I was wondering, is there any possibility to create a table without a primary key, but with two foreign keys, where the foreign keys pairs are always different?
For example, a STOCK
table with item_id
and warehouse_id
as foreign keys from ITEMS
and WAREHOUSES
tables. So same item can be in different warehouses. The view of the table:
item_id warehouse_id quantity
10 200 1000
10 201 3000
10 202 10000
11 200 7000
11 202 2000
12 203 5000
Or do i have to create unused primary key field with auto increment or something? The database is oracle.
Thanks!
You don't have to create a "unused" primary key field, but it often makes life simpler. (As Paul T points out, you'd have to specified both field to delete a row).
I often name such columns "PK", to make their limited utility obvious.
Like this:
If you aren't doing any sort of query that needs it, you don't need a primary key.

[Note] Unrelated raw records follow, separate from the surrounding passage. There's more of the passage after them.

(* Let $d\ge3$ and $\beta>0$. Then as $\varepsilon\to0$, \[\mathcal{B}_{\mathrm{Ising}}(\pi^*_\varepsilon,\beta,d)=\log2+\frac d2\log\frac{1+e^{-\beta}}{2}+\frac{4\varepsilon^4d\,e^{-2\beta}(e^\beta-1)^2\left(e^{2\beta}(d-2)-2de^\beta+d-2\right)}{(1+e^\beta)^2(1+e^{-\beta})^2}+O(\varepsilon^5),\] where $\pi^*_\varepsilon=\frac12(\delta_{2\varepsilon}+\delta_{-2\varepsilon})$.
   Context: For a probability measure $\pi$ on $[-1,1]$ let $(\mu_{\pi,i})_{i\ge1}$ be independent samples from $\pi$, let $\Lambda(x)=x\log x$, and \[\mathcal{B}_{\mathrm{Ising}}(\pi,\beta,d)=\mathbb{E}\left[\frac{\Lambda\left(\sum_{\sigma\in\{\pm1\}}\prod_{i=1}^d\left(1-(1-e^{-\beta})\frac{1+\sigma\mu_{\pi,i}}{2}\right)\right)}{2^{1-d}(1+e^{-\beta})^d}-\frac{d\,\Lambda\left(1-(1-e^{-\beta})\frac{1+\mu_{\pi,1}\mu_{\pi,2}}{2}\right)}{1+e^{-\beta}}\right].\] $\delta_x$ is the point mass at $x$. *)

From Stdlib Require Import Reals List ZArith.
Import ListNotations.
Open Scope R_scope.

Definition Lambda (x : R) : R := x * ln x.

(* A finitely supported probability distribution on R, as a list of
   (weight, atom) pairs. *)
Definition fdist := list (R * R).

Definition is_prob_on_m11 (pi : fdist) : Prop :=
  Forall (fun p => 0 <= fst p /\ -1 <= snd p <= 1) pi /\
  fold_right Rplus 0 (map fst pi) = 1.

Definition fexpect (pi : fdist) (g : R -> R) : R :=
  fold_right Rplus 0 (map (fun p => fst p * g (snd p)) pi).

(* iidE pi n f = E[ f(mu) ] where mu_1, ..., mu_n are i.i.d. samples from pi
   (the values mu i for i = 0 or i > n are irrelevant and set to 0). *)
Fixpoint iidE (pi : fdist) (n : nat) (f : (nat -> R) -> R) : R :=
  match n with
  | O => f (fun _ => 0)
  | S k => iidE pi k (fun mu =>
             fexpect pi (fun x => f (fun i => if Nat.eqb i (S k) then x else mu i)))
  end.

Fixpoint prodR (f : nat -> R) (n : nat) : R :=
  match n with
  | O => 1
  | S k => prodR f k * f (S k)
  end.

Definition B_Ising (pi : fdist) (beta : R) (d : nat) : R :=
  iidE pi d (fun mu =>
    Lambda (prodR (fun i => 1 - (1 - exp (- beta)) * ((1 + mu i) / 2)) d
          + prodR (fun i => 1 - (1 - exp (- beta)) * ((1 - mu i) / 2)) d)
      / (powerRZ 2 (1 - Z.of_nat d) * (1 + exp (- beta)) ^ d)
    - INR d * Lambda (1 - (1 - exp (- beta)) * ((1 + mu 1%nat * mu 2%nat) / 2))
      / (1 + exp (- beta))).

Definition pistar (eps : R) : fdist := [(1/2, 2 * eps); (1/2, - (2 * eps))].

(* Write q = exp (- beta), h = (1 + q) / 2 and c = (1 - q) / (1 + q). Each factor of the
   integrand is h (1 -+ c mu_i), so with P_+- = prod_i (1 +- c mu_i), T = (P_+ + P_-)/2 - 1 and
   w = c mu_1 mu_2 the integrand is exactly
     (1 + T) (d ln h + ln 2) + Lambda (1 + T) - d/2 ((1 - w) ln h + Lambda (1 - w)).
   For atoms of size at most r we have T = O(r^2) and w = O(r^2), so replacing Lambda (1 + t)
   by t + t^2/2 costs O(r^6). The resulting quadratic expression is integrated exactly for any
   centred law with second moment s: E T = E w = 0, E w^2 = c^2 s^2 and
   E T^2 = ((1 + c^2 s)^d + (1 - c^2 s)^d)/2 - 1 = d (d - 1)/2 (c^2 s)^2 + O(s^3).
   For pi*_eps one has r = 2 |eps| and s = 4 eps^2. *)

From Stdlib Require Import Reals Lra Lia List.
From Coquelicot Require Coquelicot.
Open Scope R_scope.

(** * Expectations under i.i.d. sampling *)

Definition mass (pi : fdist) : R := fold_right Rplus 0 (map fst pi).

Definition supported_in (Q : R -> Prop) (pi : fdist) : Prop :=
  Forall (fun p => 0 <= fst p /\ Q (snd p)) pi.

Definition sample_in (Q : R -> Prop) (n : nat) (mu : nat -> R) : Prop :=
  forall i, (1 <= i <= n)%nat -> Q (mu i).

Lemma Rabs_le_inv a b : Rabs a <= b -> - b <= a <= b.
Proof. unfold Rabs; destruct (Rcase_abs a); lra. Qed.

It makes it a tiny bit harder to delete a record unambiguously, though. You might want to put a unique constraint on item_id,warehouse_id if Oracle allows that.
yes it is called a compound primary key
You want a compound primary key.
Like everyone has said, you can create a primary from 2 columns. You don't have to create an artificial auto increment column.
Also, bear in mind that foreign keys serve a different purpose than primary keys. So you can't replace a primary key with 2 foreign keys.